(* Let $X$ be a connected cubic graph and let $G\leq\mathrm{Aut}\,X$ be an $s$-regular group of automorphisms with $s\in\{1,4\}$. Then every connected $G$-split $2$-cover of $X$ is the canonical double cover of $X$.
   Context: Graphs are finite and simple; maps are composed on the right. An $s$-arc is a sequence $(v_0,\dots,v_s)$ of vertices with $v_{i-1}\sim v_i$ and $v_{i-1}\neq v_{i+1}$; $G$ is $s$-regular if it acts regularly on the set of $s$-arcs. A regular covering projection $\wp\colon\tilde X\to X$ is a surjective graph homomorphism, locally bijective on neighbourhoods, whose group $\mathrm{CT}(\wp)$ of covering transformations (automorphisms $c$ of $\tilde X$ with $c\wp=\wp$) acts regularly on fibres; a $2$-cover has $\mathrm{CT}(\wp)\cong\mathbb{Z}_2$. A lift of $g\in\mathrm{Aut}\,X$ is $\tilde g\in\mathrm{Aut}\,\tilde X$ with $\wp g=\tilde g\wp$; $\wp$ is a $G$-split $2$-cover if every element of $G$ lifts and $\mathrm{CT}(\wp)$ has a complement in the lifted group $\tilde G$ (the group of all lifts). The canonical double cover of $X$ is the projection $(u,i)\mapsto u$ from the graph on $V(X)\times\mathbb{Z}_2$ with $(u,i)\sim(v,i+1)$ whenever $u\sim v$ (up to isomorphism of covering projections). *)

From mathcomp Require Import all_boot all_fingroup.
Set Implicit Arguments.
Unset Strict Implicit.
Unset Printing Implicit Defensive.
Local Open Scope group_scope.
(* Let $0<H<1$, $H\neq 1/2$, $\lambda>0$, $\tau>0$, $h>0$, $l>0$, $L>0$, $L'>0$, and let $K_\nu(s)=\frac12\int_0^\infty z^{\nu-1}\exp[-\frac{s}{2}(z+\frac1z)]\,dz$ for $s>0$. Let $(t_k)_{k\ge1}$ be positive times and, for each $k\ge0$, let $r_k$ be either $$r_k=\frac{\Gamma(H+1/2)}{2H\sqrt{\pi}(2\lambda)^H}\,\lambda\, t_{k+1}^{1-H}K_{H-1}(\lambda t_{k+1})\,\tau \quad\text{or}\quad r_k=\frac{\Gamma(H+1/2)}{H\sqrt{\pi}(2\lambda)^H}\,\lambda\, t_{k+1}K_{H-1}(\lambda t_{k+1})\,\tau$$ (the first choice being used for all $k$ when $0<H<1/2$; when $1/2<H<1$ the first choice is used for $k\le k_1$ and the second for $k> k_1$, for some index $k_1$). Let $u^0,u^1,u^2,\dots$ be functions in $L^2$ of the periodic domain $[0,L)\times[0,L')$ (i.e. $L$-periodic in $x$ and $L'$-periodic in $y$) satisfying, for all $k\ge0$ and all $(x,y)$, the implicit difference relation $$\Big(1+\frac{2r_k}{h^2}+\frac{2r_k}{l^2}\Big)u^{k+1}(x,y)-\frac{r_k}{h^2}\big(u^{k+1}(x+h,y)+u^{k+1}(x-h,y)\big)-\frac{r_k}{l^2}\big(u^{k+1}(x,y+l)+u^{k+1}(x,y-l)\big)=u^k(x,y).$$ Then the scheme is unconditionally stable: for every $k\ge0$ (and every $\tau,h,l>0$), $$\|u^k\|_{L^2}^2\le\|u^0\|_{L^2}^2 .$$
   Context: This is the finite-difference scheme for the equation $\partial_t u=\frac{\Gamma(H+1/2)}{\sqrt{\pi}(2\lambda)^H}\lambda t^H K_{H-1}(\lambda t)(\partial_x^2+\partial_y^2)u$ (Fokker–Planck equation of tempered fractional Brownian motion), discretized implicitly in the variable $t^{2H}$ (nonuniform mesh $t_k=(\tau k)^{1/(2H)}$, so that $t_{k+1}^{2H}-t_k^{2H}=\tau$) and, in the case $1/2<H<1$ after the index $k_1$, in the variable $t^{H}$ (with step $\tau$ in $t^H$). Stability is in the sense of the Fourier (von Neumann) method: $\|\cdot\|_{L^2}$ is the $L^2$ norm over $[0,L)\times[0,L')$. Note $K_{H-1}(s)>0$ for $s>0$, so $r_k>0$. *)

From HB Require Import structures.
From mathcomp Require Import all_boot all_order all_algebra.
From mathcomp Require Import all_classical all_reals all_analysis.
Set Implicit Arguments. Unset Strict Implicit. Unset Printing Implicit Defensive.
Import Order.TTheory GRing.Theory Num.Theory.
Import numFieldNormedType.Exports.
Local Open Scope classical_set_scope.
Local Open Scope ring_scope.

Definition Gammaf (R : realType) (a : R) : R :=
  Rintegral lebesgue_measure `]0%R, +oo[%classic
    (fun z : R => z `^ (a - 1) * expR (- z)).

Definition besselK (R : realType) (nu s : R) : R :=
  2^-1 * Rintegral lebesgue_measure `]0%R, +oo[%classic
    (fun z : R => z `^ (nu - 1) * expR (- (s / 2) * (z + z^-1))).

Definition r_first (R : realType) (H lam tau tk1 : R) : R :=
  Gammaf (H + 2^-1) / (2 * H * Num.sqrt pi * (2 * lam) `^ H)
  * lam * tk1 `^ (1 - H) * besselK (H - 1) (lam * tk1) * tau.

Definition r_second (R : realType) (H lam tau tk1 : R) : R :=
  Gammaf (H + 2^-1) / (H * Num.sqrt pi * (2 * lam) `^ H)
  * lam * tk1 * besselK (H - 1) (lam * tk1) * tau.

++++++++++++++++++++

* [What you are asked to do]:
Top to bottom, set down the entries above word for word.

* [Exercise solution]:
(* Let $X$ be a connected cubic graph and let $G\leq\mathrm{Aut}\,X$ be an $s$-regular group of automorphisms with $s\in\{1,4\}$. Then every connected $G$-split $2$-cover of $X$ is the canonical double cover of $X$.
   Context: Graphs are finite and simple; maps are composed on the right. An $s$-arc is a sequence $(v_0,\dots,v_s)$ of vertices with $v_{i-1}\sim v_i$ and $v_{i-1}\neq v_{i+1}$; $G$ is $s$-regular if it acts regularly on the set of $s$-arcs. A regular covering projection $\wp\colon\tilde X\to X$ is a surjective graph homomorphism, locally bijective on neighbourhoods, whose group $\mathrm{CT}(\wp)$ of covering transformations (automorphisms $c$ of $\tilde X$ with $c\wp=\wp$) acts regularly on fibres; a $2$-cover has $\mathrm{CT}(\wp)\cong\mathbb{Z}_2$. A lift of $g\in\mathrm{Aut}\,X$ is $\tilde g\in\mathrm{Aut}\,\tilde X$ with $\wp g=\tilde g\wp$; $\wp$ is a $G$-split $2$-cover if every element of $G$ lifts and $\mathrm{CT}(\wp)$ has a complement in the lifted group $\tilde G$ (the group of all lifts). The canonical double cover of $X$ is the projection $(u,i)\mapsto u$ from the graph on $V(X)\times\mathbb{Z}_2$ with $(u,i)\sim(v,i+1)$ whenever $u\sim v$ (up to isomorphism of covering projections). *)

From mathcomp Require Import all_boot all_fingroup.
Set Implicit Arguments.
Unset Strict Implicit.
Unset Printing Implicit Defensive.
Local Open Scope group_scope.
(* Let $0<H<1$, $H\neq 1/2$, $\lambda>0$, $\tau>0$, $h>0$, $l>0$, $L>0$, $L'>0$, and let $K_\nu(s)=\frac12\int_0^\infty z^{\nu-1}\exp[-\frac{s}{2}(z+\frac1z)]\,dz$ for $s>0$. Let $(t_k)_{k\ge1}$ be positive times and, for each $k\ge0$, let $r_k$ be either $$r_k=\frac{\Gamma(H+1/2)}{2H\sqrt{\pi}(2\lambda)^H}\,\lambda\, t_{k+1}^{1-H}K_{H-1}(\lambda t_{k+1})\,\tau \quad\text{or}\quad r_k=\frac{\Gamma(H+1/2)}{H\sqrt{\pi}(2\lambda)^H}\,\lambda\, t_{k+1}K_{H-1}(\lambda t_{k+1})\,\tau$$ (the first choice being used for all $k$ when $0<H<1/2$; when $1/2<H<1$ the first choice is used for $k\le k_1$ and the second for $k> k_1$, for some index $k_1$). Let $u^0,u^1,u^2,\dots$ be functions in $L^2$ of the periodic domain $[0,L)\times[0,L')$ (i.e. $L$-periodic in $x$ and $L'$-periodic in $y$) satisfying, for all $k\ge0$ and all $(x,y)$, the implicit difference relation $$\Big(1+\frac{2r_k}{h^2}+\frac{2r_k}{l^2}\Big)u^{k+1}(x,y)-\frac{r_k}{h^2}\big(u^{k+1}(x+h,y)+u^{k+1}(x-h,y)\big)-\frac{r_k}{l^2}\big(u^{k+1}(x,y+l)+u^{k+1}(x,y-l)\big)=u^k(x,y).$$ Then the scheme is unconditionally stable: for every $k\ge0$ (and every $\tau,h,l>0$), $$\|u^k\|_{L^2}^2\le\|u^0\|_{L^2}^2 .$$
   Context: This is the finite-difference scheme for the equation $\partial_t u=\frac{\Gamma(H+1/2)}{\sqrt{\pi}(2\lambda)^H}\lambda t^H K_{H-1}(\lambda t)(\partial_x^2+\partial_y^2)u$ (Fokker–Planck equation of tempered fractional Brownian motion), discretized implicitly in the variable $t^{2H}$ (nonuniform mesh $t_k=(\tau k)^{1/(2H)}$, so that $t_{k+1}^{2H}-t_k^{2H}=\tau$) and, in the case $1/2<H<1$ after the index $k_1$, in the variable $t^{H}$ (with step $\tau$ in $t^H$). Stability is in the sense of the Fourier (von Neumann) method: $\|\cdot\|_{L^2}$ is the $L^2$ norm over $[0,L)\times[0,L')$. Note $K_{H-1}(s)>0$ for $s>0$, so $r_k>0$. *)

From HB Require Import structures.
From mathcomp Require Import all_boot all_order all_algebra.
From mathcomp Require Import all_classical all_reals all_analysis.
Set Implicit Arguments. Unset Strict Implicit. Unset Printing Implicit Defensive.
Import Order.TTheory GRing.Theory Num.Theory.
Import numFieldNormedType.Exports.
Local Open Scope classical_set_scope.
Local Open Scope ring_scope.

Definition Gammaf (R : realType) (a : R) : R :=
  Rintegral lebesgue_measure `]0%R, +oo[%classic
    (fun z : R => z `^ (a - 1) * expR (- z)).

Definition besselK (R : realType) (nu s : R) : R :=
  2^-1 * Rintegral lebesgue_measure `]0%R, +oo[%classic
    (fun z : R => z `^ (nu - 1) * expR (- (s / 2) * (z + z^-1))).

Definition r_first (R : realType) (H lam tau tk1 : R) : R :=
  Gammaf (H + 2^-1) / (2 * H * Num.sqrt pi * (2 * lam) `^ H)
  * lam * tk1 `^ (1 - H) * besselK (H - 1) (lam * tk1) * tau.

Definition r_second (R : realType) (H lam tau tk1 : R) : R :=
  Gammaf (H + 2^-1) / (H * Num.sqrt pi * (2 * lam) `^ H)
  * lam * tk1 * besselK (H - 1) (lam * tk1) * tau.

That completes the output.